O Rajasthan é um estado bem peculiar na Índia, não somente porque é o maior, mas também por compartilhar uma fronteira com o Paquistão. Nos últimos anos, o governo aprovou uma lei chamada de "Rajasthan Women Bill" (basicamente uma lei de prevenção e proteção contra atrocidades por bruxaria), que torna ilegal chamar uma mulher de "dayan" ou acusar uma mulher de realizar a bruxaria que resulte em algum tipo de agressão. Uma pessoa declarada culpada pode ser sentenciada no máximo a três anos de reclusão. Se uma mulher é levada a cometer suicídio por causa de acusações de bruxaria, o acusador pode receber uma multa e até dez anos de reclusão. A lei veio em resposta a décadas de agressões físicas e verbais, incluindo marcar os rostos de mulheres acusadas de bruxaria. Segundo uma matéria do "The New York Times" de 2012, muitas vezes as pessoas eram forçadas a colocar suas mãos em um buraco no chão repleto de cobras, em uma espécie de teste. Se a pessoa fosse mordida seria uma espécie de prova de sua culpa.
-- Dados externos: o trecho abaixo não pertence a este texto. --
(* Let $R=k[t,t^{-1}]$ and $\mathcal R=(R,d/dt)$, and let $\mathcal A_1,\mathcal A_2$ be $\mathcal R$-conformal superalgebras such that the canonical maps $R\to\mathrm{Ctd}_k(\mathcal A_i)$, $r\mapsto r_{\mathcal A_i}$, are $k$-algebra isomorphisms for $i=1,2$. Then $\mathcal A_1\cong\mathcal A_2$ as $k$-conformal superalgebras if and only if $\mathcal A_1\cong\mathcal A_2$ as $\mathcal R$-conformal superalgebras.
   Context: Let $k$ be a field of characteristic $0$. An $\mathcal R$-conformal superalgebra (for $\mathcal R=(R,\delta_R)$, $R$ a commutative unital $k$-algebra with $k$-linear derivation $\delta_R$) is a $\mathbb Z/2\mathbb Z$-graded $R$-module $\mathcal A$ with parity-preserving $k$-linear $\partial_{\mathcal A}$ and $k$-bilinear products $a_{(n)}b$ ($n\in\mathbb Z_+$) satisfying: $a_{(n)}b=0$ for $n\gg0$; $(\partial_{\mathcal A}a)_{(n)}b=-na_{(n-1)}b$, $a_{(n)}\partial_{\mathcal A}b=\partial_{\mathcal A}(a_{(n)}b)+na_{(n-1)}b$; $\partial_{\mathcal A}(ra)=r\partial_{\mathcal A}a+\delta_R(r)a$; $a_{(n)}(rb)=r(a_{(n)}b)$, $(ra)_{(n)}b=\sum_j\frac1{j!}\delta_R^j(r)(a_{(n+j)}b)$. Homomorphisms: even $R$-linear maps preserving $n$-products and commuting with $\partial$. $k$-conformal means over $(k,0)$; restriction of scalars makes $\mathcal R$-conformal superalgebras $k$-conformal. $\mathrm{Ctd}_k(\mathcal A)$ is the set of even $k$-linear endomorphisms $\chi$ with $\chi(a_{(n)}b)=a_{(n)}\chi(b)$ for all $a,b,n$; $r_{\mathcal A}$ is $a\mapsto ra$. *)

From HB Require Import structures.
From mathcomp Require Import all_boot all_order all_algebra.
Set Implicit Arguments. Unset Strict Implicit. Unset Printing Implicit Defensive.
Import GRing.Theory.
Local Open Scope ring_scope.

Section Base.
Variables (k : fieldType) (R : comAlgType k).

Definition is_k_derivation (delta : R -> R) : Prop :=
  [/\ forall r s, delta (r + s) = delta r + delta s,
      forall r s, delta (r * s) = r * delta s + delta r * s
    & forall (c : k) r, delta (c *: r) = c *: delta r].

(* R = k[t, t^{-1}]: t is invertible with inverse ti, t is transcendental over k,
   and every element is ti^n * p(t) for a polynomial p; i.e. R is the
   k-algebra of Laurent polynomials in t (localisation of k[t] at t). *)
Definition laurent_presentation (t ti : R) : Prop :=
  [/\ t * ti = 1,
      forall r : R, exists (n : nat) (p : {poly k}), r = ti ^+ n * horner_alg t p
    & forall p : {poly k}, horner_alg t p = 0 -> p = 0].
End Base.

Section Conformal.
Variables (k : fieldType) (R : comAlgType k) (delta : R -> R).

Definition is_Rsubmodule (V : lmodType R) (P : V -> Prop) : Prop :=
  [/\ P 0, forall a b, P a -> P b -> P (a + b)
    & forall (r : R) a, P a -> P (r *: a)].

Definition super_grading (V : lmodType R) (ev od : V -> Prop) : Prop :=
  [/\ is_Rsubmodule ev, is_Rsubmodule od,
      forall a, exists a0 a1, [/\ ev a0, od a1 & a = a0 + a1]
    & forall a, ev a -> od a -> a = 0].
Bruxaria e assassinato não são exclusivos apenas dessas regiões. Um grupo de moradores de Odisha, um estado predominantemente rural localizado na costa leste, agrediu e forçou três pessoas, sendo que duas eram mulheres, a andarem nuas pelo vilarejo. Em novembro de 2013, um menino foi morto no mesmo estado e a polícia prendeu duas pessoas acusadas de seu assassinato, cuja finalidade era o "sacrifício humano".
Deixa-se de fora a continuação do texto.